HashTables

So I just finished the 3 part series on how hash maps work. From this I thought I'd write a few notes, both in the hopse of silidifying my understanding a bit, and also as a way for me to be able to reference this in the future.

So I learned about two types of hash tables.. Open addressing hash tables, and Chaining hash tables. So the former is a way to implement a hash table with an array, and the latter uses linked lists.

Open addressing hash tables:

Open adressing hash tables are a way to use arrays as your system for storing data. You use a hash function that hashes you key to some value. This method is deterministic, thus it works the same exact way every single time.
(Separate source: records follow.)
Lemma algebraic_span_powers (R : numFieldType) n (e : 'I_n -> R) (w : R) :
  (forall j : 'I_n.+1, exists c : 'I_n -> rat, w ^+ j = \sum_(i < n) ratr (c i) * e i) ->
  algebraicOver ratr w.
Proof.
move=> /boolp.choice[c Dw].
pose A : 'M[rat]_(n.+1, n) := \matrix_(j, i) c j i.
have /rowV0Pn[v /sub_kermxP vA nz_v] : kermx A != 0.
  by rewrite -mxrank_eq0 mxrank_ker; have := rank_leq_col A; lia.
exists (\poly_(j < n.+1) v 0 (inord j)).
  apply: contra nz_v => /eqP v0; apply/eqP/rowP => j.
  by have := congr1 (coefp j) v0; rewrite /= coef_poly ltn_ord coef0 inord_val !mxE.
rewrite /root (horner_coef_wide (n := n.+1)) ?size_map_poly ?size_poly //.
under eq_bigr => j _ do rewrite coef_map coef_poly ltn_ord /= inord_val Dw big_distrr.
rewrite exchange_big big1 //= => i _.
transitivity (ratr ((v *m A) 0 i) * e i); last by rewrite vA mxE rmorph0 mul0r.
rewrite !mxE rmorph_sum mulr_suml; apply: eq_bigr => j _.
by rewrite !mxE rmorphM mulrA.
Qed.

Lemma rnf_algebraic (R : realType) (K : set R) w :
  real_number_field K -> K w -> algebraicOver ratr w.
Proof.
case=> sfK [n [e [_ span_e]]] Kw.
by apply: (algebraic_span_powers (e := e)) => j; apply: span_e; apply: subfieldX.
Qed.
This function will return you an index in the array to store this value. Now... there is a probibility that there will be another value already in that perticular slot. If this is the case you will step down to the next array index and check if it's filled... if it's not you'll put that value there. If it is, you'll continue this process until you find an empyt slot. Because this is a repeatable process you'll be doing the same thing with you search method to find a hash value, and with your delete function that removes a key/value. Now the one caviot to this is that when you delete a key.. you need to give it a new value that's not the same "none" that the search is looking for, because it might get a hash pointing to that location for a value that does not exits there, but it exists in another part of the table, but you messed up the walking process down the table because of this delet, so you set a different flag on said deleted value that tells the search hey... you need to skip over me.. I'm not the value you are looking for. This does not break the search, because if the key that it's actually looking for is the one you deleted it will hit a point in the table where there is an actual none, or the table is ended. Now this new flag you put in for a deleted key has that effect on search, but not on insert. Insert know that it can save something there.

There is one important thing to note about open table adressing.. with the above implementation you can get into a situation where there are lots of clusters of data in this hash table, so you end up do long walks to find open keys or searching, thus it ends up being pretty ineffecent. So there's a way around that. It's called Double hashing I need to look into it more to understand it better, but it apparently solves this to some degree. The above method I described is called Linear Probing, because you are stepping linearly to find open slots in the table.

Linked List hash tables

These are very similar to the above system I described, but when you get colissions in the hash table you start adding nodes to a linked list insted of finding open slots in the array.


In [ ]: